Se celebra estos días el 25 aniversario de la Constitución, ese pacto político que permitió sentar las bases para una convivencia democrática estable, por vez primera en la historia de la sociedad española. Nacido a principios de los años setenta, soy miembro de la primera generación de ciudadanos que ha podido desarrollar toda su vida civil en un régimen político normalizado, comparable al de cualquier otro país europeo. Formo parte, en sentido cronológico, los “primeros beneficiarios” de la Constitución.
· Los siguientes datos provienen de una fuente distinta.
(* For every $n\ge1$ let $f(n)$ be the minimum of $\Phi(T)$ over all binary phylogenetic trees $T$ with $n$ leaves. Then $f(1)=f(2)=0$ and, for every $n\ge 3$, $$f(n)=f(\lceil n/2\rceil)+f(\lfloor n/2\rfloor)+\binom{\lceil n/2\rceil}{2}+\binom{\lfloor n/2\rfloor}{2}.$$
   Context: A phylogenetic tree with $n$ leaves is a rooted tree whose leaves are bijectively labeled by $\{1,\dots,n\}$; binary means every internal node has exactly two children (the one-leaf tree is a single node). The depth $\delta_T(v)$ is the number of arcs from the root to $v$; for leaves $i,j$, $\varphi_T(i,j)=\delta_T(LCA_T(i,j))$ ($LCA$ = lowest common ancestor), and $\Phi(T)=\sum_{1\le i<j\le n}\varphi_T(i,j)$ is the total cophenetic index. *)

From mathcomp Require Import all_boot.
Set Implicit Arguments. Unset Strict Implicit. Unset Printing Implicit Defensive.

Inductive btree : Type :=
| Leaf of nat
| Node of btree & btree.

Fixpoint leaves (T : btree) : seq nat :=
  match T with
  | Leaf l => [:: l]
  | Node L R => leaves L ++ leaves R
  end.

Definition binary_phylo (n : nat) (T : btree) : Prop :=
  perm_eq (leaves T) (iota 1 n).

(* phi T i j = depth (number of arcs from the root) of LCA_T(i,j). *)
Fixpoint phi (T : btree) (i j : nat) : nat :=
  match T with
  | Leaf _ => 0
  | Node L R =>
      if (i \in leaves L) && (j \in leaves L) then (phi L i j).+1
      else if (i \in leaves R) && (j \in leaves R) then (phi R i j).+1
      else 0
  end.

Definition Phi (T : btree) : nat :=
  let n := size (leaves T) in
  \sum_(1 <= i < n.+1) \sum_(i.+1 <= j < n.+1) phi T i j.

Definition is_min_Phi (n m : nat) : Prop :=
  (exists T, binary_phylo n T /\ Phi T = m) /\
  (forall T, binary_phylo n T -> m <= Phi T).

From mathcomp Require Import all_boot zify.
Set Implicit Arguments. Unset Strict Implicit. Unset Printing Implicit Defensive.

(* The cophenetic index of a binary tree satisfies the recursion
     Phi (Node L R) = Phi L + Phi R + C(|L|, 2) + C(|R|, 2),
   since each pair of leaves below a child of the root gains one unit of
   depth.  Hence the minimum obeys f(n) = min_{a+b=n} H(a) + H(b) with
   H(a) = f(a) + C(a, 2), and the theorem says that the balanced split
   a = ceil(n/2), b = floor(n/2) is always optimal.

   A general lemma shows that for any
   discretely convex h the balanced split minimises h(a) + h(b).  We then
   define [bal n] by the balanced recursion and prove by strong induction
   that H(n) = bal n + C(n, 2) is convex. *)

Lemma halves n : n./2 + uphalf n = n /\ n./2 <= uphalf n <= n./2.+1.
Proof.
have := odd_double_half n; rewrite uphalf_half -addnn.
by case: (odd n) => /=; lia.
Qed.

Lemma bin2S k : 'C(k.+1, 2) = 'C(k, 2) + k.
Proof. by rewrite binS bin1. Qed.

Lemma bin2_convex n : 'C(n, 2) + 'C(n.+2, 2) = 2 * 'C(n.+1, 2) + 1.
Proof. by rewrite !bin2S; lia. Qed.

Section Balancing.

Variable h : nat -> nat.
Hypothesis h_convex : forall n, 1 <= n -> 2 * h n.+1 <= h n + h n.+2.

(* Moving a point inward (from (a, a+m+1) to (a+1, a+m)) does not increase
   h(a) + h(b): the increments of h are nondecreasing. *)
Lemma convex_exchange a m : 1 <= a -> h a.+1 + h (a + m) <= h a + h (a + m).+1.
Proof.
move=> a_gt0; elim: m => [|m IH]; first by rewrite addn0; lia.
by have := h_convex (leq_trans a_gt0 (leq_addr m a)); rewrite addnS; lia.
Qed.

Lemma convex_balance a b : 1 <= a -> 1 <= b ->
  h (uphalf (a + b)) + h (a + b)./2 <= h a + h b.
Proof.
wlog le_ab : a b / a <= b => [hw a_gt0 b_gt0|].
  case: (leqP a b) => [/hw|lt_ba]; first exact.
  by rewrite (addnC a b) (addnC (h a)); apply: hw => //; exact: ltnW lt_ba.
elim/ltn_ind: b a le_ab => b IH a le_ab a_gt0 b_gt0.
have [sum_ab le_ab2] := halves (a + b).
have [b_le|b_gt] := leqP b a.+1.
  have uphalf_ab : uphalf (a + b) = b by lia.
  have half_ab : (a + b)./2 = a by lia.
  by rewrite uphalf_ab half_ab addnC.
have := convex_exchange (b.-1 - a) a_gt0.
have sum_b : a + (b.-1 - a) = b.-1 by lia.
rewrite sum_b prednK; last lia.
have := IH b.-1 ltac:(lia) a.+1 ltac:(lia) ltac:(lia) ltac:(lia).
have sum_a : a.+1 + b.-1 = a + b by lia.
rewrite sum_a; lia.
Qed.

End Balancing.

(* [bal n] is the value of the balanced recursion; it is defined with an
   explicit fuel [k], which is irrelevant as soon as k >= n. *)
Fixpoint bal_fuel (k n : nat) : nat :=
  if k is k'.+1 then
    if n <= 1 then 0
    else bal_fuel k' (uphalf n) + bal_fuel k' n./2 + 'C(uphalf n, 2) + 'C(n./2, 2)
  else 0.

Definition bal (n : nat) : nat := bal_fuel n n.

Lemma bal_fuel_enough k1 k2 n : n <= k1 -> n <= k2 -> bal_fuel k1 n = bal_fuel k2 n.
Proof.
elim: k1 k2 n => [|k1 IH] [|k2] n //= hn1 hn2; try by have -> : n = 0 by lia.
case: ifP => // /negbT; rewrite -ltnNge => n_gt1; have [sum_n le_n] := halves n.
by rewrite (IH k2 (uphalf n)) ?(IH k2 n./2) //; lia.
Qed.

Lemma bal_rec n : 2 <= n ->
  bal n = bal (uphalf n) + bal n./2 + 'C(uphalf n, 2) + 'C(n./2, 2).
Proof.
case: n => [|n] //= n_gt1; rewrite /bal /= ifN; last by rewrite -ltnNge.
have [sum_n le_n] := halves n.+1.
by rewrite (@bal_fuel_enough n (uphalf n.+1)) ?(@bal_fuel_enough n n.+1./2) //; lia.
Qed.

(* [Hbal n] is the cost of the balanced tree on n leaves hung below one more
   edge: every pair of its leaves then counts one extra unit of depth. *)
Definition Hbal (n : nat) : nat := bal n + 'C(n, 2).

Lemma bal_split n : 2 <= n -> bal n = Hbal (uphalf n) + Hbal n./2.
Proof. by move=> n_gt1; rewrite bal_rec // /Hbal; lia. Qed.

Lemma Hbal_rec n : 2 <= n -> Hbal n = Hbal (uphalf n) + Hbal n./2 + 'C(n, 2).
Proof. by move=> n_gt1; rewrite {1}/Hbal bal_split. Qed.

Lemma Hbal_double k : 1 <= k -> Hbal (k + k) = Hbal k + Hbal k + 'C(k + k, 2).
Proof.
move=> k_gt0; have [sum_n le_n] := halves (k + k).
have half_kk : (k + k)./2 = k by lia.
have uphalf_kk : uphalf (k + k) = k by lia.
by rewrite (@Hbal_rec (k + k)) ?half_kk ?uphalf_kk //; lia.
Qed.

Lemma Hbal_doubleS k : 1 <= k ->
  Hbal (k + k).+1 = Hbal k.+1 + Hbal k + 'C((k + k).+1, 2).
Proof.
move=> k_gt0; have [sum_n le_n] := halves (k + k).+1.
have half_kk : (k + k).+1./2 = k by lia.
have uphalf_kk : uphalf (k + k).+1 = k.+1 by lia.
by rewrite (@Hbal_rec (k + k).+1) ?half_kk ?uphalf_kk //; lia.
Qed.

(* At 2k the second difference is
   that of C(n, 2) (the recursion pairs off identically), and at 2k+1 it is
   the second difference of [Hbal] at k plus one, so strong induction
   applies. *)
Lemma Hbal_convex n : 1 <= n -> 2 * Hbal n.+1 <= Hbal n + Hbal n.+2.
Proof.
elim/ltn_ind: n => n IH n_gt0.
have [k n_eq] : exists k, n = k + k \/ n = (k + k).+1.
  exists n./2; have [sum_n le_n] := halves n; lia.
have kk2 m : (m + m).+2 = m.+1 + m.+1 by rewrite addnS addSn.
case: n_eq => n_eq; subst n.
- have k_gt0 : 1 <= k by lia.
  have := bin2_convex (k + k).
  rewrite Hbal_doubleS // kk2 Hbal_double // Hbal_double // -kk2; lia.
- have [-> // | k_gt0] := posnP k.
  have := IH k ltac:(lia) ltac:(lia).
  have := bin2_convex (k + k).+1.
  rewrite Hbal_doubleS // kk2 Hbal_double // Hbal_doubleS //; lia.
Qed.

Fixpoint cophen_rec (T : btree) : nat :=
  match T with
  | Leaf _ => 0
  | Node L R =>
      cophen_rec L + cophen_rec R + 'C(size (leaves L), 2) + 'C(size (leaves R), 2)
  end.

Lemma size_leaves_gt0 T : 0 < size (leaves T).
Proof. by elim: T => //= L L_gt0 R _; rewrite size_cat addn_gt0 L_gt0. Qed.

Lemma bal_le_cophen_rec T : bal (size (leaves T)) <= cophen_rec T.
Proof.
elim: T => [//|L IHL R IHR] /=.
have L_gt0 := size_leaves_gt0 L; have R_gt0 := size_leaves_gt0 R.
rewrite size_cat bal_split; last lia.
have := convex_balance Hbal_convex L_gt0 R_gt0.
rewrite /Hbal; lia.
Qed.

Fixpoint bal_tree (k lo n : nat) : btree :=
  if k is k'.+1 then
    if n <= 1 then Leaf lo
    else Node (bal_tree k' lo (uphalf n)) (bal_tree k' (lo + uphalf n) n./2)
  else Leaf lo.

Lemma bal_tree_spec k lo n : 1 <= n -> n <= k ->
  leaves (bal_tree k lo n) = iota lo n /\ cophen_rec (bal_tree k lo n) = bal n.
Proof.
elim: k lo n => [|k IH] lo n n_gt0 n_le; first lia.
rewrite /=; case: ifP => [n_le1|/negbT]; first by have -> : n = 1 by lia.
rewrite -ltnNge => n_gt1; have [sum_n le_n] := halves n.
have [leavesL costL] := IH lo (uphalf n) ltac:(lia) ltac:(lia).
have [leavesR costR] := IH (lo + uphalf n) n./2 ltac:(lia) ltac:(lia).
rewrite /= leavesL leavesR costL costR !size_iota -iotaD (bal_split n_gt1) /Hbal.
by split; [congr iota | ]; lia.
Qed.

Lemma phi_out T i j : ~~ ((i \in leaves T) && (j \in leaves T)) -> phi T i j = 0.
Proof.
case: T => //= L R; rewrite !mem_cat => not_in.
case: ifP => [/andP [iL jL] | _]; first by rewrite iL jL in not_in.
by case: ifP => // /andP [iR jR]; rewrite iR jR !orbT in not_in.
Qed.

Lemma phi_node L R i j : uniq (leaves L ++ leaves R) ->
  phi (Node L R) i j = phi L i j + phi R i j
    + ((i \in leaves L) && (j \in leaves L)) + ((i \in leaves R) && (j \in leaves R)).
Proof.
rewrite cat_uniq => /and3P [_ /hasPn disjLR _] /=.
case: ifP => [/andP [iL jL] | inL].
  have iR : i \notin leaves R by apply: contraL iL => /disjLR.
  by rewrite (@phi_out R) ?(negbTE iR) //= !addn0 addn1.
rewrite (@phi_out L); last by rewrite inL.
case: ifP => inR /=; first by rewrite add0n !addn0 addn1.
by rewrite (@phi_out R) // inR.
Qed.

Definition pair_sum (F : nat -> nat -> nat) (N : nat) : nat :=
  \sum_(1 <= i < N.+1) \sum_(i.+1 <= j < N.+1) F i j.

Lemma pair_sumD F G N :
  pair_sum (fun i j => F i j + G i j) N = pair_sum F N + pair_sum G N.
Proof. by rewrite /pair_sum -big_split; apply: eq_bigr => i _; rewrite big_split. Qed.

Lemma pair_sumS F N : pair_sum F N.+1 = pair_sum F N + \sum_(1 <= i < N.+1) F i N.+1.
Proof.
rewrite /pair_sum big_nat_recr //= [X in _ + X]big_geq // addn0 -big_split /=.
by apply: eq_big_nat => i /andP [_ lt_iN]; rewrite big_nat_recr.
Qed.

Lemma pair_sum_mem (s : seq nat) N :
  pair_sum (fun i j => (i \in s) && (j \in s)) N = 'C(count (mem s) (iota 1 N), 2).
Proof.
elim: N => [|N IH]; first by rewrite /pair_sum big_geq.
have iota_last : iota 1 N.+1 = iota 1 N ++ [:: N.+1].
  by rewrite -(addn1 N) iotaD add1n addn1.
rewrite pair_sumS IH iota_last count_cat /= addn0.
case: (N.+1 \in s) => /=.
- rewrite addn1 bin2S -sum1_count; congr (_ + _).
  rewrite big_mkcond [RHS]big_mkcond /= /index_iota subn1 /=.
  by apply: eq_bigr => i _; rewrite andbT.
- by rewrite big1 ?addn0 // => i _; rewrite andbF.
Qed.

Lemma count_mem_iota (s : seq nat) N : uniq s -> all (fun x => 0 < x <= N) s ->
  count (mem s) (iota 1 N) = size s.
Proof.
move=> uniq_s /allP s_range; rewrite -size_filter; apply: perm_size.
apply: uniq_perm => //; first exact/filter_uniq/iota_uniq.
move=> x; rewrite mem_filter mem_iota andbC.
apply/andP/idP => [[] //|sx]; split => //.
by have := s_range x sx; rewrite add1n ltnS.
Qed.

Lemma pair_sum_phi T N : uniq (leaves T) -> all (fun x => 0 < x <= N) (leaves T) ->
  pair_sum (phi T) N = cophen_rec T.
Proof.
elim: T => [?|L IHL R IHR] uniq_T range_T.
  by rewrite /pair_sum big1 // => i _; rewrite big1.
have [uniqL uniqR] : uniq (leaves L) /\ uniq (leaves R).
  by move: uniq_T; rewrite /= cat_uniq => /and3P [-> _ ->].
have [rangeL rangeR] : all (fun x => 0 < x <= N) (leaves L) /\
                       all (fun x => 0 < x <= N) (leaves R).
  by apply/andP; rewrite -all_cat.
rewrite /pair_sum; under eq_bigr => i _ do under eq_bigr => j _ do rewrite phi_node //.
by rewrite -/(pair_sum _ N) !pair_sumD IHL // IHR // !pair_sum_mem !count_mem_iota.
Qed.

Lemma Phi_cophen_rec n T : binary_phylo n T ->
  size (leaves T) = n /\ Phi T = cophen_rec T.
Proof.
move=> phylo_T; have size_T : size (leaves T) = n by rewrite (perm_size phylo_T) size_iota.
split => //; apply: pair_sum_phi; first by rewrite (perm_uniq phylo_T) iota_uniq.
by apply/allP => x; rewrite (perm_mem phylo_T) mem_iota size_T add1n ltnS.
Qed.

Lemma bal_is_min n : 1 <= n -> is_min_Phi n (bal n).
Proof.
move=> n_gt0; have [leaves_B cost_B] := bal_tree_spec 1 n_gt0 (leqnn n).
have phylo_B : binary_phylo n (bal_tree n 1 n) by rewrite /binary_phylo leaves_B.
split; first by exists (bal_tree n 1 n); have [_ ->] := Phi_cophen_rec phylo_B; rewrite cost_B.
move=> T phylo_T; have [<- ->] := Phi_cophen_rec phylo_T.
exact: bal_le_cophen_rec.
Qed.

Lemma is_min_Phi_unique n m1 m2 : is_min_Phi n m1 -> is_min_Phi n m2 -> m1 = m2.
Proof.
move=> [[T1 [phylo1 <-]] min1] [[T2 [phylo2 <-]] min2].
by apply/eqP; rewrite eqn_leq min1 // min2.
Qed.

Theorem mainTheorem11 :
  (exists f : nat -> nat, forall n, 1 <= n -> is_min_Phi n (f n)) /\
  (forall f : nat -> nat, (forall n, 1 <= n -> is_min_Phi n (f n)) ->
     [/\ f 1 = 0, f 2 = 0 &
      forall n, 3 <= n ->
        f n = f (uphalf n) + f n./2 + 'C(uphalf n, 2) + 'C(n./2, 2)]).
Proof.
split; first by exists bal; exact: bal_is_min.
move=> f f_min.
have f_bal n : 1 <= n -> f n = bal n.
  by move=> n_gt0; apply: is_min_Phi_unique (f_min n n_gt0) (bal_is_min n_gt0).
split; rewrite ?f_bal // => n n_ge3; have [sum_n le_n] := halves n.
rewrite !f_bal ?(bal_rec (n := n)) //; lia.
Qed.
En consecuencia, lo que hicieron muchos de nuestros mayores durante la transición merece nuestro decidido homenaje: gracias a su lucha contra la dictadura franquista, primero, y a su capacidad para el consenso, después, nosotros hemos crecido en una sociedad de libertades y derechos. Sin embargo, precisamente esa perspectiva inédita que nosotros inauguramos nos invita a reconocer la Constitución y el orden democrático que encarna como la normalidad, más que como una meta arduamente perseguida. En este sentido, nuestra generación no teme por la “fragilidad” de nuestra democracia; más bien se siente libre para acometer la crítica de aquellos aspectos de nuestro sistema político que nos parecen demasiado imperfectos.

Juzgada desde su propio momento histórico, la transición merece, para muchos de los miembros de mi generación, una valoración positiva: el modo más seguro de alcanzar una cierta normalidad política, viniendo de donde veníamos, era posiblemente el camino del reformismo y el consenso, en virtud del cual todas las partes, aquellas que procedían de la dictadura y aquellas que provenían de la resistencia contra el franquismo en sus diversas formas, cedieron en asuntos trascendentales para cada uno de ellos. Sin embargo, juzgada desde hoy, 25 años después, la transición nos merece un juicio bastante más crítico. Porque nuestra metodología a la hora de desarrollar un juicio histórico es inevitablemente distinta: no comparamos nuestro presente democrático con su inmediato pasado, sino con los principios y el estilo que, a nuestro parecer, deberían informar cualquier sistema democrático maduro. Entendemos que el precio que pagaron las fuerzas provinentes de la lucha por la democracia, durante la transición, para alcanzar el consenso, valorado desde hoy, parece muy alto. Bien pagado estuvo este precio, quizás, en su debido momento. Pero hoy nos preguntamos: ¿debe seguir pagando este precio también nuestra generación?

Para muchas personas de mi generación, las distintas fuerzas que pactaron la constitución no eran depositarias de idéntica legitimidad, como si se tratara de dos contendientes en una situación moralmente simétrica. Unos procedían de la subversión contra un orden democrático legítimo, mientras que los otros eran los herederos de aquel orden constitucional subvertido por las fuerza de las armas. Algunas de las concesiones que hicieron hace 25 años las fuerzas democráticas ya fueran de izquierdas, nacionalistas o simplemente demócrata liberales nos parecen hoy no sólo dolorosas, sino extremadamente perniciosas para la calidad actual de nuestro sistema político. Y hoy, en virtud de aquella asimetría moral de origen, creemos que deberían ser corregidas. Nos referimos fundamentalmente a dos de ellas.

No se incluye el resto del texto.